Recensioni L'opera mozartiana, assente da decenni sul palcoscenico del teatro d'opera catanese, vi ha trovato collocazione in forma semiscenica, con la regìa di Guy Montavon, all'interno del cartellone “Bellezza, Belcanto, Bellini” per il debutto del Festival "Magie barocche”. La sobrietà della messa in scena, ben armonizzata col classicismo mozartiano, tra spunti di Gluck e Metastasio, nonché la direzione competente e appassionata di Claudia Patanè, hanno favorito il gradimento del pubblico
Rappresentata per la prima volta a Monaco il 29 gennaio 1781 al Residenztheater, su libretto di Giambattista Varesco (cappellano di corte di Salisburgo) tratto da Danchet, l’opera mozartiana “Idomeneo re di Creta” K 366, assente da decenni sul palcoscenico del Teatro Massimo Bellini di Catania, vi ha trovato collocazione in forma semiscenica, sotto la regìa di Guy Montavon, all’interno del cartellone “Bellezza, Belcanto, Bellini”: ha debuttato così il X Festival Internazionale del Val di Noto “Magie barocche”. La pertinenza interpretativa dei ruoli vocali, la compattezza del coro istruito da Luigi Petrozziello, la sobrietà della messa in scena che si è ben armonizzata col classicismo mozartiano, tra spunti di Gluck e Metastasio, nonché la direzione competente e appassionata di Claudia Patanè, hanno certamente favorito un alto gradimento del pubblico, che, sia pure non molto numeroso e stressato dal caldo di una serata settembrina, ha elargito un ampio plauso a fine serata.
In oggetto la storia di Idomeneo, re di Creta, che prima di approdare nell’isola al ritorno dalla guerra di Troia, viene colto insieme alla sua flotta da una rovinosa tempesta. Pertanto, nell’intento di salvarsi, fa voto al dio Nettuno di sacrificargli la prima persona in cui s’imbatterà sulla terraferma. Ma a riparare la sfortuna del re, di avere incontrato il figlio Idamante da immolare all’altare del dio, sarà la benevolenza dello stesso Nettuno, che smussando la sua rabbia, rinunceràda a qualsiasi vittima (prima Idamante, poi Ilia, divenuta sua schiava, che se ne innamora) a condizione che Idomeneo abdichi a favore del figlio e che quest’ultimo si unisca in matrimonio a Ilia.
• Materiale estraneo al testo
(* Let $(X,d,\preceq)$ be an ordered metric space such that $(X,d)$ is complete, and let $f,g:X\to X$. Suppose: (i) $f(X)\subseteq g(X)$; (ii) $f$ is $g$-comparable; (iii) the pair $(f,g)$ is commuting (i.e. $g(f(x))=f(g(x))$ for all $x\in X$), or alternatively weakly commuting (i.e. $d(gfx,fgx)\le d(gx,fx)$ for all $x\in X$); (iv) $g$ is continuous; (v) either $f$ is continuous or $(X,d,\preceq)$ has the $g$-TCC property; (vi) there exists $x_0\in X$ with $g(x_0)\prec\succ f(x_0)$; (vii) there exists $\alpha\in[0,1)$ with $d(fx,fy)\le\alpha\, d(gx,gy)$ for all $x,y\in X$ with $g(x)\prec\succ g(y)$. Then $f$ and $g$ have a coincidence point.
   Context: An ordered metric space $(X,d,\preceq)$ is a nonempty set $X$ with a metric $d$ and a partial order $\preceq$. For $x,y\in X$, write $x\prec\succ y$ if $x\preceq y$ or $y\preceq x$. For self-maps $f,g$ of $X$: $f$ is $g$-comparable if for all $x,y\in X$, $g(x)\prec\succ g(y)$ implies $f(x)\prec\succ f(y)$. A sequence $\{x_n\}$ is termwise monotone if $x_n\prec\succ x_{n+1}$ for all $n\ge0$. $(X,d,\preceq)$ has the $g$-TCC property if for every termwise monotone sequence $\{x_n\}$ in $X$ converging to some $x\in X$ there is a subsequence $\{x_{n_k}\}$ with $g(x_{n_k})\prec\succ g(x)$ for all $k$. A coincidence point of $f,g$ is $x\in X$ with $g(x)=f(x)$. *)

From Stdlib Require Import Reals.
Open Scope R_scope.

Definition is_metric {X : Type} (d : X -> X -> R) : Prop :=
  (forall x y, 0 <= d x y) /\
  (forall x y, d x y = 0 <-> x = y) /\
  (forall x y, d x y = d y x) /\
  (forall x y z, d x z <= d x y + d y z).

Definition is_partial_order {X : Type} (le : X -> X -> Prop) : Prop :=
  (forall x, le x x) /\
  (forall x y, le x y -> le y x -> x = y) /\
  (forall x y z, le x y -> le y z -> le x z).

Definition comparable {X : Type} (le : X -> X -> Prop) (x y : X) : Prop :=
  le x y \/ le y x.

Definition converges_to {X : Type} (d : X -> X -> R) (u : nat -> X) (x : X) : Prop :=
  forall eps, 0 < eps -> exists N, forall n, (n >= N)%nat -> d (u n) x < eps.

Definition cauchy {X : Type} (d : X -> X -> R) (u : nat -> X) : Prop :=
  forall eps, 0 < eps -> exists N, forall m n, (m >= N)%nat -> (n >= N)%nat ->
    d (u m) (u n) < eps.

Definition complete {X : Type} (d : X -> X -> R) : Prop :=
  forall u : nat -> X, cauchy d u -> exists x, converges_to d u x.

Definition continuous_map {X : Type} (d : X -> X -> R) (f : X -> X) : Prop :=
  forall x eps, 0 < eps -> exists delta, 0 < delta /\
    forall y, d x y < delta -> d (f x) (f y) < eps.

Definition g_comparable {X : Type} (le : X -> X -> Prop) (f g : X -> X) : Prop :=
  forall x y, comparable le (g x) (g y) -> comparable le (f x) (f y).

Definition termwise_monotone {X : Type} (le : X -> X -> Prop) (u : nat -> X) : Prop :=
  forall n, comparable le (u n) (u (S n)).

Definition g_TCC {X : Type} (d : X -> X -> R) (le : X -> X -> Prop) (g : X -> X) : Prop :=
  forall (u : nat -> X) (x : X), termwise_monotone le u -> converges_to d u x ->
    exists phi : nat -> nat, (forall k, (phi k < phi (S k))%nat) /\
      forall k, comparable le (g (u (phi k))) (g x).

Definition commuting {X : Type} (f g : X -> X) : Prop :=
  forall x, g (f x) = f (g x).

Definition weakly_commuting {X : Type} (d : X -> X -> R) (f g : X -> X) : Prop :=
  forall x, d (g (f x)) (f (g x)) <= d (g x) (f x).

From Stdlib Require Import Reals Lra Lia ClassicalEpsilon.
Open Scope R_scope.

(* Jungck iteration: choose x_{n+1} with g x_{n+1} = f x_n, which (i) allows.  The
   sequence y_n = g x_n is termwise monotone by (ii) and (vi), hence the contraction
   (vii) applies to consecutive terms and y is geometrically Cauchy, with a limit z.
   Weak commutativity and the continuity of g force f y_n -> g z; either continuity
   of f or the g-TCC property (with the contraction) forces f y_n -> f z along a
   subsequence, so g z = f z. *)

Section MetricFacts.

Context {X : Type} (d : X -> X -> R).
Hypothesis Hd : is_metric d.

Lemma dist_ge0 x y : 0 <= d x y.
Proof. destruct Hd as (H & _); apply H. Qed.

Lemma dist_refl x : d x x = 0.
Proof. destruct Hd as (_ & H & _); apply H; reflexivity. Qed.

Lemma dist_sym x y : d x y = d y x.
Proof. destruct Hd as (_ & _ & H & _); apply H. Qed.

Lemma dist_triangle x y z : d x z <= d x y + d y z.
Proof. destruct Hd as (_ & _ & _ & H); apply H. Qed.

Lemma converges_to_unique u p q :
  converges_to d u p -> converges_to d u q -> p = q.
Proof.
  intros Hp Hq. destruct Hd as (_ & Hzero & _). apply Hzero.
  destruct (Rle_lt_dec (d p q) 0) as [Hle|Hlt].
  { pose proof (dist_ge0 p q); lra. }
  destruct (Hp (d p q / 2)) as [N1 H1]; [lra|].
  destruct (Hq (d p q / 2)) as [N2 H2]; [lra|].
  specialize (H1 (N1 + N2)%nat ltac:(lia)). specialize (H2 (N1 + N2)%nat ltac:(lia)).
  pose proof (dist_triangle p (u (N1 + N2)%nat) q) as Htri.
  rewrite (dist_sym p (u _)) in Htri. lra.
Qed.

Lemma converges_to_subseq u p (phi : nat -> nat) :
  (forall k, (phi k < phi (S k))%nat) -> converges_to d u p ->
  converges_to d (fun k => u (phi k)) p.
Proof.
  intros Hphi Hu eps Heps. destruct (Hu eps Heps) as [N HN]. exists N.
  intros k Hk. apply HN.
  assert (Hid : forall j, (j <= phi j)%nat).
  { induction j as [|j IH]; [lia|]. specialize (Hphi j). lia. }
  specialize (Hid k). lia.
Qed.

Lemma converges_to_shift u p :
  converges_to d u p -> converges_to d (fun n => u (S n)) p.
Proof.
  intros Hu eps Heps. destruct (Hu eps Heps) as [N HN]. exists N.
  intros n Hn. apply HN; lia.
Qed.

Lemma converges_to_continuous h u p :
  continuous_map d h -> converges_to d u p ->
  converges_to d (fun n => h (u n)) (h p).
Proof.
  intros Hh Hu eps Heps. destruct (Hh p eps Heps) as [delta [Hdelta Hcont]].
  destruct (Hu delta Hdelta) as [N HN]. exists N. intros n Hn.
  rewrite dist_sym. apply Hcont. rewrite dist_sym. apply HN, Hn.
Qed.

Lemma converges_to_close u v p :
  converges_to d u p ->
  (forall eps, 0 < eps -> exists N, forall n, (n >= N)%nat -> d (v n) (u n) < eps) ->
  converges_to d v p.
Proof.
  intros Hu Hvu eps Heps.
  destruct (Hu (eps / 2)) as [N1 H1]; [lra|].
  destruct (Hvu (eps / 2)) as [N2 H2]; [lra|].
  exists (N1 + N2)%nat. intros n Hn.
  specialize (H1 n ltac:(lia)). specialize (H2 n ltac:(lia)).
  pose proof (dist_triangle (v n) (u n) p). lra.
Qed.

Lemma converges_to_dominated u v p q :
  converges_to d u p -> (forall n, d (v n) q <= d (u n) p) -> converges_to d v q.
Proof.
  intros Hu Hle eps Heps. destruct (Hu eps Heps) as [N HN]. exists N.
  intros n Hn. specialize (HN n Hn). specialize (Hle n). lra.
Qed.

Section Geometric.

Variables (u : nat -> X) (a D : R).
Hypothesis Ha : 0 <= a < 1.
Hypothesis Hstep : forall n, d (u n) (u (S n)) <= a ^ n * D.

(* The factor [1 - a ^ k] makes the induction on [k] go through without division. *)
Lemma dist_geometric_le m k :
  (1 - a) * d (u m) (u (m + k)%nat) <= a ^ m * D * (1 - a ^ k).
Proof.
  induction k as [|k IH].
  - rewrite Nat.add_0_r, dist_refl. simpl. lra.
  - rewrite Nat.add_succ_r.
    pose proof (dist_triangle (u m) (u (m + k)%nat) (u (S (m + k)))) as Htri.
    pose proof (Hstep (m + k)%nat) as Hlast. rewrite pow_add in Hlast.
    apply (Rmult_le_compat_l (1 - a)) in Htri; [|lra].
    apply (Rmult_le_compat_l (1 - a)) in Hlast; [|lra].
    simpl. lra.
Qed.

Lemma cauchy_geometric : cauchy d u.
Proof.
  assert (HD : 0 <= D).
  { pose proof (Hstep 0) as H0. pose proof (dist_ge0 (u 0%nat) (u 1%nat)).
    simpl in H0. lra. }
  intros eps Heps.
  destruct (pow_lt_1_zero a ltac:(rewrite Rabs_pos_eq; lra) (eps * (1 - a) / (D + 1)))
    as [N HN].
  { apply Rdiv_lt_0_compat; [apply Rmult_lt_0_compat|]; lra. }
  assert (Hmono : forall m n, (m >= N)%nat -> (m <= n)%nat -> d (u m) (u n) < eps).
  { intros m n Hm Hmn. replace n with (m + (n - m))%nat by lia.
    pose proof (dist_geometric_le m (n - m)) as Hgeo.
    specialize (HN m Hm). rewrite Rabs_pos_eq in HN by (apply pow_le; lra).
    assert (Ham : a ^ m * (D + 1) < eps * (1 - a)).
    { apply (Rmult_lt_compat_r (D + 1)) in HN; [|lra].
      unfold Rdiv in HN. rewrite Rmult_assoc, Rinv_l in HN by lra. lra. }
    pose proof (pow_le a m (proj1 Ha)).
    assert (0 <= a ^ m * D * a ^ (n - m)).
    { apply Rmult_le_pos; [apply Rmult_le_pos|apply pow_le]; lra. }
    destruct (Rlt_le_dec (d (u m) (u (m + (n - m))%nat)) eps) as [Hlt|Hge]; [exact Hlt|].
    apply (Rmult_le_compat_l (1 - a)) in Hge; nra. }
  exists N. intros m n Hm Hn. destruct (Nat.le_gt_cases m n).
  - apply Hmono; assumption.
  - rewrite dist_sym. apply Hmono; lia.
Qed.

End Geometric.

End MetricFacts.

Lemma weakly_commuting_of_commuting {X : Type} (d : X -> X -> R) (f g : X -> X) :
  is_metric d -> commuting f g -> weakly_commuting d f g.
Proof.
  intros Hd Hfg x. rewrite Hfg, (dist_refl d Hd). apply (dist_ge0 d Hd).
Qed.

Lemma jungck_sequence_exists {X : Type} (f g : X -> X) :
  (forall x, exists y, f x = g y) ->
  forall x0, exists xs : nat -> X, xs 0%nat = x0 /\ forall n, g (xs (S n)) = f (xs n).
Proof.
  intros Hfg x0.
  set (h := fun x => proj1_sig (constructive_indefinite_description _ (Hfg x))).
  assert (Hh : forall x, f x = g (h x)).
  { intro x. unfold h. destruct (constructive_indefinite_description _ (Hfg x)); auto. }
  exists (fun n => Nat.iter n h x0). split; [reflexivity|].
  intro n. simpl. symmetry. apply Hh.
Qed.

Section JungckSequence.

Context {X : Type} (d : X -> X -> R) (le : X -> X -> Prop) (f g : X -> X).
Hypothesis Hd : is_metric d.
Hypothesis Hfg_comparable : g_comparable le f g.
Hypothesis Hweak : weakly_commuting d f g.
Hypothesis Hg : continuous_map d g.
Variable a : R.
Hypothesis Ha : 0 <= a < 1.
Hypothesis Hcontr :
  forall x y, comparable le (g x) (g y) -> d (f x) (f y) <= a * d (g x) (g y).

Variable xs : nat -> X.
Hypothesis Hxs : forall n, g (xs (S n)) = f (xs n).
Hypothesis Hx0 : comparable le (g (xs 0%nat)) (f (xs 0%nat)).

Let y n := g (xs n).

Lemma jungck_termwise_monotone : termwise_monotone le y.
Proof.
  intro n. unfold y. rewrite Hxs. induction n as [|n IH]; [exact Hx0|].
  rewrite Hxs. apply Hfg_comparable. rewrite Hxs. exact IH.
Qed.

Lemma jungck_dist_step n : d (y n) (y (S n)) <= a ^ n * d (y 0%nat) (y 1%nat).
Proof.
  induction n as [|n IH]; [simpl; lra|].
  unfold y in *. rewrite !Hxs.
  eapply Rle_trans; [apply Hcontr, jungck_termwise_monotone|].
  rewrite <- !Hxs. simpl. rewrite Rmult_assoc.
  apply Rmult_le_compat_l; [lra | exact IH].
Qed.

Lemma jungck_cauchy : cauchy d y.
Proof. exact (cauchy_geometric d Hd y a _ Ha jungck_dist_step). Qed.

Variable z : X.
Hypothesis Hz : converges_to d y z.

(* [d (f (g x_n)) (g (f x_n)) <= d (g x_n) (f x_n) = d (y_n) (y_(n+1))] by weak
   commutativity, so [f y_n] shadows [g y_(n+1) -> g z]. *)
Lemma jungck_f_converges : converges_to d (fun n => f (y n)) (g z).
Proof.
  apply (converges_to_close d Hd (fun n => g (y (S n)))).
  - apply (converges_to_shift d (fun n => g (y n))).
    apply (converges_to_continuous d Hd); assumption.
  - intros eps Heps. destruct (jungck_cauchy eps Heps) as [N HN]. exists N.
    intros n Hn. unfold y. rewrite Hxs, dist_sym by exact Hd.
    eapply Rle_lt_trans; [apply Hweak|].
    rewrite <- Hxs. apply HN; lia.
Qed.

Lemma jungck_coincidence_continuous : continuous_map d f -> g z = f z.
Proof.
  intro Hf. apply (converges_to_unique d Hd (fun n => f (y n))).
  - exact jungck_f_converges.
  - apply (converges_to_continuous d Hd); assumption.
Qed.

Lemma jungck_coincidence_TCC : g_TCC d le g -> g z = f z.
Proof.
  intro Htcc.
  destruct (Htcc y z jungck_termwise_monotone Hz) as [phi [Hphi Hcomp]].
  apply (converges_to_unique d Hd (fun k => f (y (phi k)))).
  - apply (converges_to_subseq d (fun n => f (y n))); [exact Hphi|].
    exact jungck_f_converges.
  - apply (converges_to_dominated d (fun k => g (y (phi k))) _ (g z)).
    + apply (converges_to_subseq d (fun n => g (y n))); [exact Hphi|].
      apply (converges_to_continuous d Hd); assumption.
    + intro k. eapply Rle_trans; [apply Hcontr, Hcomp|].
      pose proof (dist_ge0 d Hd (g (y (phi k))) (g z)). nra.
Qed.

End JungckSequence.

Theorem corollary3p4 (X : Type) (d : X -> X -> R) (le : X -> X -> Prop)
  (f g : X -> X)
  (Hd : is_metric d) (Hle : is_partial_order le) (Hinh : inhabited X)
  (Hcomplete : complete d)
  (Hi : forall x, exists y, f x = g y)
  (Hii : g_comparable le f g)
  (Hiii : commuting f g \/ weakly_commuting d f g)
  (Hiv : continuous_map d g)
  (Hv : continuous_map d f \/ g_TCC d le g)
  (Hvi : exists x0, comparable le (g x0) (f x0))
  (Hvii : exists alpha, 0 <= alpha < 1 /\
     forall x y, comparable le (g x) (g y) -> d (f x) (f y) <= alpha * d (g x) (g y)) :
  exists x, g x = f x.
Proof.
  destruct Hvi as [x0 Hx0]. destruct Hvii as [a [Ha Hcontr]].
  assert (Hweak : weakly_commuting d f g).
  { destruct Hiii as [Hcomm|Hweak]; [|exact Hweak].
    exact (weakly_commuting_of_commuting d f g Hd Hcomm). }
  destruct (jungck_sequence_exists f g Hi x0) as [xs [Hstart Hxs]]. subst x0.
  destruct (Hcomplete _ (jungck_cauchy d le f g Hd Hii a Ha Hcontr xs Hxs Hx0))
    as [z Hz].
  exists z. destruct Hv as [Hf | Htcc].
  - exact (jungck_coincidence_continuous d le f g Hd Hii Hweak Hiv a Ha Hcontr
             xs Hxs Hx0 z Hz Hf).
  - exact (jungck_coincidence_TCC d le f g Hd Hii Hweak Hiv a Ha Hcontr
             xs Hxs Hx0 z Hz Htcc).
Qed.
Come contraltare alla grazia principesca di quest’ultima, i cui panni rivestiva Maria Grazia Schiavo con rilevanti chances vocali, era una grintosa Elettra, a quanto si evinceva dall’autorevole spessore vocale di Daniela Schillaci, che ha saputo calarsi in un personaggio di forbita e ferrea vocalità, con acuti svettanti , convergendo la sua presenza scenica sull’ostilità sferzante verso la principessa Ilia, sua rivale in amore: quest’ultima, dal canto suo, ne ha ben rappresentato l’antagonista che si impone col suo savoir faire di equilibrio espressivo, manifestato dalla Schiavo. Nelle vesti di Idamante invece il mezzosoprano Maria Josè Lo Monaco che ha sfoderato un registro vocale duttilissimo, pronto a molteplici screziature di colore. Apprezzabile il registro tenorile di Philippe Castagner nelle vesti di Idomeneo, accanto a Diego Goday (l’Arbace) e Andrey Andreychick (la Voce).
Riconoscendo quindi i giusti meriti a un più che preparato cast degli interpreti e alla bacchetta spiccatamente puntigliosa della Patanè, e tenendo conto dell’essenzialità dei costumi (tra una tunica per Ilia, stivali appariscenti alla Bonaparte per Idamante, e un mantello dorato per Idomeneo), possiamo senza dubbio affermare che a dominare su tutto (compensando la mancanza dei balletti, voluti da Mozart alla fine del primo atto), è stata la musica del grande musicista salisburghese: e a riscattarne un’opera per anni caduta nell’oblio, si irradiava dalla partitura una innegabile leggiadria e squisitezza melodica.